I just updated my AppleTV software and see what you mean. directtv is embarrassingly missing from the list of providers on the HBO app. Dish and Directv are missing on the ESPN app. Fortunately the iPad HBO app offers flawless airplay mirroring, complete with Dolby surround. I happen to think apps like that are the future of TV. I can understand why Directv doesn't want to participate in the AppleTV products, but its going to hurt them.


----------



## grecorj (Jan 20, 2008)

No different than on Roku: DirecTV doesn't allow you to verify your account in order to use it on that platform either.

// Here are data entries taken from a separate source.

Definition eta1 (omega c e3 : R) : R := (- e3 + 4 * c - sqrt (Apoly omega c e3)) / 2.
Definition eta2 (omega c e3 : R) : R := (- e3 + 4 * c + sqrt (Apoly omega c e3)) / 2.

Definition ksq (omega c e3 : R) : R :=
  - eta1 omega c e3 * (e3 - eta2 omega c e3) / (e3 * (eta2 omega c e3 - eta1 omega c e3)).

(* k(eta3), the modulus (k^2 lies in (0,1) on the relevant interval) *)
Definition kmod (omega c e3 : R) : R := sqrt (ksq omega c e3).

Definition ellipticK (k : R) : R :=
  RInt (fun theta => / sqrt (1 - k ^ 2 * (sin theta) ^ 2)) 0 (PI / 2).

Definition Tpsi (omega c e3 : R) : R :=
  8 / sqrt (e3 * sqrt (Apoly omega c e3)) * ellipticK (kmod omega c e3).

From Stdlib Require Import Reals Lra Psatz.
From Coquelicot Require Import Coquelicot.
Open Scope R_scope.

(* Put a = η3 (η2 - η1) and b = η2 (η3 - η1).  Since k^2 = (a - b) / a, Legendre's form of K
   gives T = 8 J(a, b) with J(a, b) = ∫_0^(π/2) dθ / sqrt (a cos^2 θ + b sin^2 θ).  Gauss's
   AGM transformation J(a, b) = J(((√a + √b)/2)^2, √(ab)) shows that J is strictly decreasing
   jointly in a + b and ab.  On (α0, α1) both a + b and ab strictly decrease in η3: their
   derivatives are -3 (η3 - η2)(η3 + η2 - η1) / √A and -(η3 - η2) Q / √A, where Q is a
   polynomial with positive coefficients in η2, -η1 and η3 - η2, and η1 < 0 < η2 < η3. *)

Lemma sin2_cos2_pow (t : R) : sin t ^ 2 + cos t ^ 2 = 1.
Proof. rewrite <- (sin2_cos2 t); unfold Rsqr; ring. Qed.

Lemma sin_cos_2atan (x : R) :
  sin (2 * atan x) = 2 * x / (1 + x ^ 2) /\ cos (2 * atan x) = (1 - x ^ 2) / (1 + x ^ 2).
Proof.
  rewrite sin_2a, cos_2a, sin_atan, cos_atan.
  assert (0 < 1 + x²) by (unfold Rsqr; nra).
  assert (0 < sqrt (1 + x²)) by (apply sqrt_lt_R0; lra).
  assert (Hr : sqrt (1 + x²) * sqrt (1 + x²) = 1 + x²) by (apply sqrt_sqrt; lra).
  set (r := sqrt (1 + x²)) in *; clearbody r.
  replace (x ^ 2) with (x²) by (unfold Rsqr; ring).
  rewrite <- Hr; unfold Rsqr; split; field; lra.
Qed.

Lemma RInt_even (f : R -> R) (a : R) :
  (forall t, f (- t) = f t) -> ex_RInt f (- a) 0 -> ex_RInt f 0 a ->
  RInt f (- a) a = 2 * RInt f 0 a.
Proof.
  intros Hf Hl Hr.
  assert (Hflip : RInt f 0 (- a) = - RInt f 0 a).
  { pose proof (RInt_comp_lin f (-1) 0 0 a) as E.
    replace (-1 * 0 + 0) with 0 in E by ring. replace (-1 * a + 0) with (- a) in E by ring.
    rewrite <- E by (apply ex_RInt_swap; exact Hl).
    rewrite <- (RInt_opp f) by exact Hr.
    apply RInt_ext; intros t _; replace (-1 * t + 0) with (- t) by ring; rewrite Hf.
    change (-1 * f t = - f t); ring. }
  rewrite <- (RInt_Chasles f (- a) 0 a Hl Hr).
  rewrite <- (opp_RInt_swap f) by (apply ex_RInt_swap; exact Hl).
  rewrite Hflip.
  change (- - RInt f 0 a + RInt f 0 a = 2 * RInt f 0 a); ring.
Qed.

This is all about money, control and negotiation.

Ironically, all costs for HBO GO verification are assumed by HBO (i.e. infrastructure), not the cable/satellite cos who do participate. So it wouldn't cost DirecTV a penny to let them do this for Apple TV or Roku.

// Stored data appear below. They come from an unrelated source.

(* Let $n>1$, $q\geqslant 0$ and $m_0,\dots,m_{q-1}>1$ be natural numbers, and let $t,s_0,\dots,s_{q-1},u,v$ be variables distinct from $x$. Then the theory ${\sf TQ}$ proves that each of the formulas $\exists x\,[\Re_n(x\cdot t)\wedge \bigwedge_{j<q}\neg\Re_{m_j}(x\cdot s_j)]$, $\exists x\,[u<x\wedge \Re_n(x\cdot t)\wedge \bigwedge_{j<q}\neg\Re_{m_j}(x\cdot s_j)]$, $\exists x\,[x<v\wedge \Re_n(x\cdot t)\wedge \bigwedge_{j<q}\neg\Re_{m_j}(x\cdot s_j)]$ is equivalent to $\bigwedge_{j<q,\ m_j\mid n}\neg\Re_{m_j}(t^{-1}\cdot s_j)$, and that the formula $\exists x\,[u<x\wedge x<v\wedge \Re_n(x\cdot t)\wedge \bigwedge_{j<q}\neg\Re_{m_j}(x\cdot s_j)]$ is equivalent to $\bigwedge_{j<q,\ m_j\mid n}\neg\Re_{m_j}(t^{-1}\cdot s_j)\wedge u<v$. (Here $\bigwedge_{j<q,\,m_j\mid n}$ ranges over those $j<q$ with $m_j$ dividing $n$; an empty conjunction is the true formula.)
   Context: Language $\{<,\times,\square^{-1},\mathbf{1}\}$; $y^n$ abbreviates $y\cdots y$ ($n$ times); for $n\geqslant 1$, $\Re_n(y)$ abbreviates the formula $\exists x\,(y=x^n)$. ${\sf TQ}$ is the theory axiomatized by: ($\texttt{O}_1$) $\forall x,y(x<y\rightarrow\neg(y<x))$; ($\texttt{O}_2$) $\forall x,y,z(x<y\wedge y<z\rightarrow x<z)$; ($\texttt{O}_3$) $\forall x,y(x<y\vee x=y\vee y<x)$; ($\texttt{M}_1$) $\forall x,y,z(x\cdot(y\cdot z)=(x\cdot y)\cdot z)$; ($\texttt{M}_2$) $\forall x(x\cdot\mathbf{1}=x)$; ($\texttt{M}_3$) $\forall x(x\cdot x^{-1}=\mathbf{1})$; ($\texttt{M}_4$) $\forall x,y(x\cdot y=y\cdot x)$; ($\texttt{M}_5$) $\forall x,y,z(x<y\rightarrow x\cdot z<y\cdot z)$; ($\texttt{M}_6$) $\exists y(y\neq\mathbf{1})$; ($\texttt{M}_{10}$) for each $n\geqslant1$: $\forall x,z\exists y(x<z\rightarrow x<y^n\wedge y^n<z)$; ($\texttt{M}_{11}$) for each $n\geqslant 1$, each $q\geqslant1$ and all natural numbers $m_0,\dots,m_{q-1}>1$: $\forall x_0,\dots,x_{q-1}\exists y\forall z\bigwedge_{j<q,\ m_j\nmid n}(y^n\cdot x_j\neq z^{m_j})$, the conjunction ranging over those $j<q$ for which $m_j$ does not divide $n$. *)

From Stdlib Require Import Arith.

(* y^n abbreviates y*...*y (n times); for n = 0 we put 1 (never used: n >= 1). *)
Fixpoint pw {T : Type} (mul : T -> T -> T) (one : T) (y : T) (n : nat) : T :=
  match n with
  | 0 => one
  | 1 => y
  | S n' => mul y (pw mul one y n')
  end.

Record TQModel := {
  car :> Type;
  lt : car -> car -> Prop;
  mul : car -> car -> car;
  inv : car -> car;
  one : car;
  O1 : forall x y, lt x y -> ~ lt y x;
  O2 : forall x y z, lt x y -> lt y z -> lt x z;
  O3 : forall x y, lt x y \/ x = y \/ lt y x;
  M1 : forall x y z, mul x (mul y z) = mul (mul x y) z;
  M2 : forall x, mul x one = x;
  M3 : forall x, mul x (inv x) = one;
  M4 : forall x y, mul x y = mul y x;
  M5 : forall x y z, lt x y -> lt (mul x z) (mul y z);
  M6 : exists y, y <> one;
  M10 : forall n, 1 <= n -> forall x z, exists y,
          lt x z -> lt x (pw mul one y n) /\ lt (pw mul one y n) z;
  M11 : forall n q (m : nat -> nat), 1 <= n -> 1 <= q ->
          (forall j, j < q -> 1 < m j) ->
          forall xs : nat -> car, exists y, forall z,
            forall j, j < q -> ~ Nat.divide (m j) n ->
              mul (pw mul one y n) (xs j) <> pw mul one z (m j)
}.

Definition tpow (M : TQModel) (y : M) (n : nat) : M := pw (mul M) (one M) y n.

Definition Re (M : TQModel) (n : nat) (y : M) : Prop := exists x : M, y = tpow M x n.

Definition RHS (M : TQModel) (n q : nat) (m : nat -> nat) (t : M) (s : nat -> M) : Prop :=
  forall j, j < q -> Nat.divide (m j) n -> ~ Re M (m j) (mul M (inv M t) (s j)).

Definition Body (M : TQModel) (n q : nat) (m : nat -> nat) (t : M) (s : nat -> M) (x : M) : Prop :=
  Re M n (mul M x t) /\ (forall j, j < q -> ~ Re M (m j) (mul M x (s j))).

(* The conditions on [x * s_j] only matter up to [m_j]-th powers, so we look for [x] of the
   form [W * y^n * t^-1] with [W] a power divisible by [n] and by every [m_j].  Then [x * t]
   is an [n]-th power, and [x * s_j] is an [m_j]-th power iff [y^n * (t^-1 * s_j)] is one.
   When [m_j | n] this reduces to [t^-1 * s_j], which is excluded by the right-hand side;
   otherwise axiom M11 provides a [y] excluding it.  Density (M10) places [W], and hence [x],
   in any nonempty interval; the order has no end points, which handles the unbounded cases.
   Conversely, if [x * t = a^n] and [m_j | n] then [t^-1 * s_j = (x * s_j) / (x * t)] would
   make [x * s_j] an [m_j]-th power. *)

From Stdlib Require Import Arith Lia.

Lemma divide_dec (d n : nat) : {Nat.divide d n} + {~ Nat.divide d n}.
Proof.
  destruct (Nat.eq_dec (n mod d) 0) as [E | E];
    [left | right]; rewrite <- Nat.Lcm0.mod_divide; exact E.
Qed.

Lemma common_multiple (m : nat -> nat) (q : nat) :
  (forall j, j < q -> 0 < m j) ->
  exists P, 0 < P /\ forall j, j < q -> Nat.divide (m j) P.
Proof.
  induction q as [| q IH]; intro Hm.
  - exists 1. split; [lia | intros j Hj; lia].
  - destruct IH as [P [HP HdivP]]; [intros j Hj; apply Hm; lia |].
    assert (Hq : 0 < m q) by (apply Hm; lia).
    exists (m q * P)%nat. split; [nia |].
    intros j Hj. destruct (Nat.eq_dec j q) as [-> | Hne].
    + apply Nat.divide_factor_l.
    + apply Nat.divide_mul_r, HdivP. lia.
Qed.

Section TQModelTheory.

Variable M : TQModel.

Local Notation "a * b" := (mul M a b).
Local Notation "a ^-1" := (inv M a) (at level 2, format "a ^-1").
Local Notation tp := (tpow M).

Lemma mul_1_l (a : M) : one M * a = a.
Proof. rewrite M4; apply M2. Qed.

Lemma mul_inv_l (a : M) : a^-1 * a = one M.
Proof. rewrite M4; apply M3. Qed.

Lemma mul_shuffle1 (a b c d : M) : (a * b) * (c * d) = (a * c) * (b * d).
Proof. rewrite <- !M1, (M1 M b c d), (M4 M b c), <- M1. reflexivity. Qed.

Lemma inv_unique (a b : M) : a * b = one M -> b = a^-1.
Proof. intro H. rewrite <- (mul_1_l b), <- (mul_inv_l a), <- M1, H, M2. reflexivity. Qed.

Lemma tpow_succ (y : M) (k : nat) : tp y (S k) = y * tp y k.
Proof. unfold tpow. destruct k; simpl; [symmetry; apply M2 | reflexivity]. Qed.

Lemma tpow_add (y : M) (a b : nat) : tp y (a + b) = tp y a * tp y b.
Proof.
  induction a as [| a IH]; simpl plus.
  - symmetry; apply mul_1_l.
  - rewrite !tpow_succ, IH, M1. reflexivity.
Qed.

Lemma tpow_mul_r (y : M) (a b : nat) : tp y (a * b)%nat = tp (tp y a) b.
Proof.
  induction b as [| b IH].
  - rewrite Nat.mul_0_r. reflexivity.
  - rewrite tpow_succ, <- IH, Nat.mul_succ_r, Nat.add_comm, tpow_add. reflexivity.
Qed.

Lemma tpow_mul_l (a b : M) (k : nat) : tp (a * b) k = tp a k * tp b k.
Proof.
  induction k as [| k IH].
  - symmetry; apply M2.
  - rewrite !tpow_succ, IH, mul_shuffle1. reflexivity.
Qed.

Lemma tpow_1_l (k : nat) : tp (one M) k = one M.
Proof. induction k as [| k IH]; [reflexivity | rewrite tpow_succ, IH; apply M2]. Qed.

Lemma Re_mul (k : nat) (a b : M) : Re M k a -> Re M k b -> Re M k (a * b).
Proof. intros [x ->] [y ->]. exists (x * y). symmetry; apply tpow_mul_l. Qed.

Lemma Re_inv (k : nat) (a : M) : Re M k a -> Re M k a^-1.
Proof.
  intros [x ->]. exists x^-1.
  symmetry; apply inv_unique. rewrite <- tpow_mul_l, M3. apply tpow_1_l.
Qed.

Lemma Re_cancel_l (k : nat) (a b : M) : Re M k a -> Re M k (a * b) -> Re M k b.
Proof.
  intros Ha Hab. replace b with (a^-1 * (a * b)).
  - apply Re_mul; [apply Re_inv |]; assumption.
  - rewrite M1, mul_inv_l. apply mul_1_l.
Qed.

Lemma Re_tpow (k c : nat) (y : M) : Re M k (tp y (c * k)%nat).
Proof. exists (tp y c). apply tpow_mul_r. Qed.

Lemma Re_divide (d k : nat) (a : M) : Nat.divide d k -> Re M k a -> Re M d a.
Proof. intros [c ->] [x ->]. rewrite tpow_mul_r. exists (tp x c). reflexivity. Qed.

Lemma lt_mul_l (a b c : M) : lt M a b -> lt M (c * a) (c * b).
Proof. intro H. rewrite (M4 M c a), (M4 M c b). apply M5, H. Qed.

Lemma exists_gt_1 : exists g : M, lt M (one M) g.
Proof.
  destruct (M6 M) as [y Hy]. destruct (O3 M y (one M)) as [H | [H | H]].
  - exists y^-1. apply (M5 M _ _ y^-1) in H. rewrite M3, mul_1_l in H. exact H.
  - contradiction.
  - exists y; exact H.
Qed.

Lemma exists_gt (a : M) : exists b, lt M a b.
Proof.
  destruct exists_gt_1 as [g Hg]. exists (a * g).
  rewrite <- (M2 M a) at 1. apply lt_mul_l, Hg.
Qed.

Lemma exists_lt (a : M) : exists b, lt M b a.
Proof.
  destruct exists_gt_1 as [g Hg]. exists (a * g^-1).
  rewrite <- (M2 M a) at 2. apply lt_mul_l.
  apply (M5 M _ _ g^-1) in Hg. rewrite mul_1_l, M3 in Hg. exact Hg.
Qed.

(* M11 asks for [q >= 1] only to make its conjunction nonempty. *)
Lemma M11_all (n q : nat) (m : nat -> nat) :
  1 <= n -> (forall j, j < q -> 1 < m j) ->
  forall xs : nat -> M, exists y, forall z j, j < q -> ~ Nat.divide (m j) n ->
    tp y n * xs j <> tp z (m j).
Proof.
  intros Hn Hm xs. destruct q as [| q].
  - exists (one M). intros z j Hj. lia.
  - apply (M11 M n (S q) m Hn ltac:(lia) Hm).
Qed.

Lemma exists_tpow_between (k : nat) (a b : M) :
  1 <= k -> lt M a b -> exists w, lt M a (tp w k) /\ lt M (tp w k) b.
Proof.
  intros Hk Hab. destruct (M10 M k Hk a b) as [w Hw]. exists w. exact (Hw Hab).
Qed.

Section Witness.

Variables (n q : nat) (m : nat -> nat) (t : M) (s : nat -> M).

Lemma RHS_of_Body (x : M) : Body M n q m t s x -> RHS M n q m t s.
Proof.
  intros [Hxt Hxs] j Hj Hdiv Hts. apply (Hxs j Hj).
  replace (x * s j) with ((x * t) * (t^-1 * s j)).
  - apply Re_mul; [apply (Re_divide _ n) |]; assumption.
  - rewrite <- M1, (M1 M t), M3, mul_1_l. reflexivity.
Qed.

Lemma Body_shift (y W : M) :
  RHS M n q m t s ->
  (forall z j, j < q -> ~ Nat.divide (m j) n -> tp y n * (t^-1 * s j) <> tp z (m j)) ->
  Re M n W -> (forall j, j < q -> Re M (m j) W) ->
  Body M n q m t s (W * (tp y n * t^-1)).
Proof.
  intros HR Hy HWn HWm. split.
  - replace (W * (tp y n * t^-1) * t) with (W * tp y n)
      by (rewrite <- !M1, mul_inv_l, M2; reflexivity).
    apply Re_mul; [exact HWn | exists y; reflexivity].
  - intros j Hj Hxs.
    assert (Hys : Re M (m j) (tp y n * (t^-1 * s j))).
    { apply (Re_cancel_l _ W); [apply HWm, Hj |].
      rewrite <- !M1 in Hxs. exact Hxs. }
    destruct (divide_dec (m j) n) as [Hdiv | Hndiv].
    + apply (HR j Hj Hdiv), (Re_cancel_l _ (tp y n)); [| exact Hys].
      apply (Re_divide _ n); [exact Hdiv | exists y; reflexivity].
    + destruct Hys as [z Hz]. exact (Hy z j Hj Hndiv Hz).
Qed.

Hypothesis Hm : forall j, j < q -> 1 < m j.

Lemma Body_between (u v : M) :
  1 < n -> RHS M n q m t s -> lt M u v ->
  exists x, lt M u x /\ lt M x v /\ Body M n q m t s x.
Proof.
  intros Hn HR Huv.
  destruct (M11_all n q m ltac:(lia) Hm (fun j => t^-1 * s j)) as [y Hy].
  destruct (common_multiple m q) as [P [HP HPdiv]]; [intros j Hj; specialize (Hm j Hj); lia |].
  set (c := tp y n * t^-1).
  assert (Hc : forall a, a * c^-1 * c = a) by (intro; rewrite <- M1, mul_inv_l; apply M2).
  destruct (exists_tpow_between (P * n)%nat (u * c^-1) (v * c^-1)) as [w [Hlo Hhi]];
    [nia | apply M5, Huv |].
  exists (tp w (P * n)%nat * c). split; [| split].
  - rewrite <- (Hc u). apply M5, Hlo.
  - rewrite <- (Hc v). apply M5, Hhi.
  - apply Body_shift; [exact HR | exact Hy | apply Re_tpow |].
    intros j Hj. destruct (HPdiv j Hj) as [r Hr].
    replace (P * n)%nat with (r * n * m j)%nat by (rewrite Hr; lia). apply Re_tpow.
Qed.

End Witness.

End TQModelTheory.

Theorem lemma5 :
  forall (M : TQModel) (n q : nat) (m : nat -> nat),
    1 < n -> (forall j, j < q -> 1 < m j) ->
    forall (t : M) (s : nat -> M) (u v : M),
      ((exists x : M, Body M n q m t s x) <-> RHS M n q m t s) /\
      ((exists x : M, lt M u x /\ Body M n q m t s x) <-> RHS M n q m t s) /\
      ((exists x : M, lt M x v /\ Body M n q m t s x) <-> RHS M n q m t s) /\
      ((exists x : M, lt M u x /\ lt M x v /\ Body M n q m t s x) <->
         (RHS M n q m t s /\ lt M u v)).
Proof.
  intros M n q m Hn Hm t s u v.
  pose proof (RHS_of_Body M n q m t s) as Hnec.
  pose proof (fun a b => Body_between M n q m t s Hm a b Hn) as Hsuf.
  destruct (exists_gt M u) as [u' Hu'].
  destruct (exists_lt M v) as [v' Hv'].
  split; [| split; [| split]]; split.
  - intros [x Hx]. exact (Hnec x Hx).
  - intro HR. destruct (Hsuf u u' HR Hu') as [x [_ [_ Hx]]]. exists x; exact Hx.
  - intros [x [_ Hx]]. exact (Hnec x Hx).
  - intro HR. destruct (Hsuf u u' HR Hu') as [x [Hux [_ Hx]]]. exists x; split; assumption.
  - intros [x [_ Hx]]. exact (Hnec x Hx).
  - intro HR. destruct (Hsuf v' v HR Hv') as [x [_ [Hxv Hx]]]. exists x; split; assumption.
  - intros [x [Hux [Hxv Hx]]]. split; [exact (Hnec x Hx) | exact (O2 M u x v Hux Hxv)].
  - intros [HR Huv]. exact (Hsuf u v HR Huv).
Qed.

Of course as the previous poster stated, the iOS HBO GO app can be verified via your DirecTV account. Makes no sense to us subscribers.


----------



## mccoady (Jul 28, 2008)

Wow I was excited when I first installed the AppleTV update getting the WatchESPN and HBO GO apps but I should have guessed DirecTV would put a stop to that...sure I can AirPlay the HBO GO app from my iPad but it makes more sense to have it Native. Also I think it's a shame I can't have access to WatchESPN when I subscribe to ESPN through DirecTV (plus HBO).

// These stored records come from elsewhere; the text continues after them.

Lemma derivable_pt_lim_logit_affine a1 a0 b1 b0 lam z : lam <> 0 ->
  let s := fun t => exp ((t * a1 + (1 - t) * a0) / lam) /
             (exp ((t * a1 + (1 - t) * a0) / lam) + exp ((t * b1 + (1 - t) * b0) / lam)) in
  derivable_pt_lim s z (s z * (1 - s z) * (a1 - b1 - (a0 - b0)) / lam).
Proof.
  intros Hl s. unfold s. apply is_derive_Reals.
  set (ea := exp ((z * a1 + (1 - z) * a0) / lam)). set (eb := exp ((z * b1 + (1 - z) * b0) / lam)).
  assert (0 < ea) by apply exp_pos. assert (0 < eb) by apply exp_pos.
  auto_derive;
    (replace (exp ((z * a1 + (1 + - z) * a0) * / lam)) with ea by (unfold ea; f_equal; field; auto));
    (replace (exp ((z * b1 + (1 + - z) * b0) * / lam)) with eb by (unfold eb; f_equal; field; auto)).
  - lra.
  - field. split; lra.
Qed.

Section Game.

Variables (N : nat) (pot : (nat -> bool) -> R).

Notation U := (Uext N pot).

(** [gain i x] = U(a_i^1, x_-i) - U(a_i^2, x_-i) = dU/dx_i, and
    [hess i j x] = d^2U/dx_i dx_j (U being multilinear, both are differences). *)
Definition gain (i : nat) (x : nat -> R) : R := U (upd x i 1) - U (upd x i 0).

Definition hess (i j : nat) (x : nat -> R) : R := gain i (upd x j 1) - gain i (upd x j 0).

Definition jac (lam : R) (x : nat -> R) (i j : nat) : R :=
  x i * (1 - x i) * hess i j x / lam - (if Nat.eqb i j then 1 else 0).

Lemma U_affine x j t : (j < N)%nat -> U (upd x j t) = t * U (upd x j 1) + (1 - t) * U (upd x j 0).
Proof. intros; apply mlext_affine; auto. Qed.

Lemma U_affine_self x j : (j < N)%nat -> U x = x j * U (upd x j 1) + (1 - x j) * U (upd x j 0).
Proof. intros Hj. rewrite <- U_affine, upd_id; auto. Qed.

Lemma gain_upd_same i x t : gain i (upd x i t) = gain i x.
Proof. unfold gain. now rewrite !upd_upd_same. Qed.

Yes just makes no sense as a DirecTV subscriber being handcuffed like this!


----------



## TDockUSC (Aug 22, 2006)

Is this a temporary issue or is this something DirecTV will not allow AppleTV users to take advantage of?

Anyone know?


----------



## peds48 (Jan 11, 2008)

Is this a temporary issue or is this something DirecTV will not allow AppleTV users to take advantage of?

Anyone know?


If the Roku story tells anything, it might be permanent


----------



## trainman (Jan 9, 2008)

peds48 said:


> If the Roku story tells anything, it might be permanent


For HBOGo, at least.

WatchESPN is a different situation, and I believe there's a definite possibility of DirecTV subscribers gaining access to it with DirecTV's next contract negotiation with ESPN.


----------



## TDockUSC (Aug 22, 2006)

I guess I just don't see the reasoning. If I can have HBO Go on my laptop, ipad and iphone...why won't they allow in on Apple TV? I still have the pay them for the ability to watch it. Why do they care HOW I watch it?


----------



## peds48 (Jan 11, 2008)

I guess I just don't see the reasoning. If I can have HBO Go on my laptop, ipad and iphone...why won't they allow in on Apple TV? I still have the pay them for the ability to watch it. Why do they care HOW I watch it?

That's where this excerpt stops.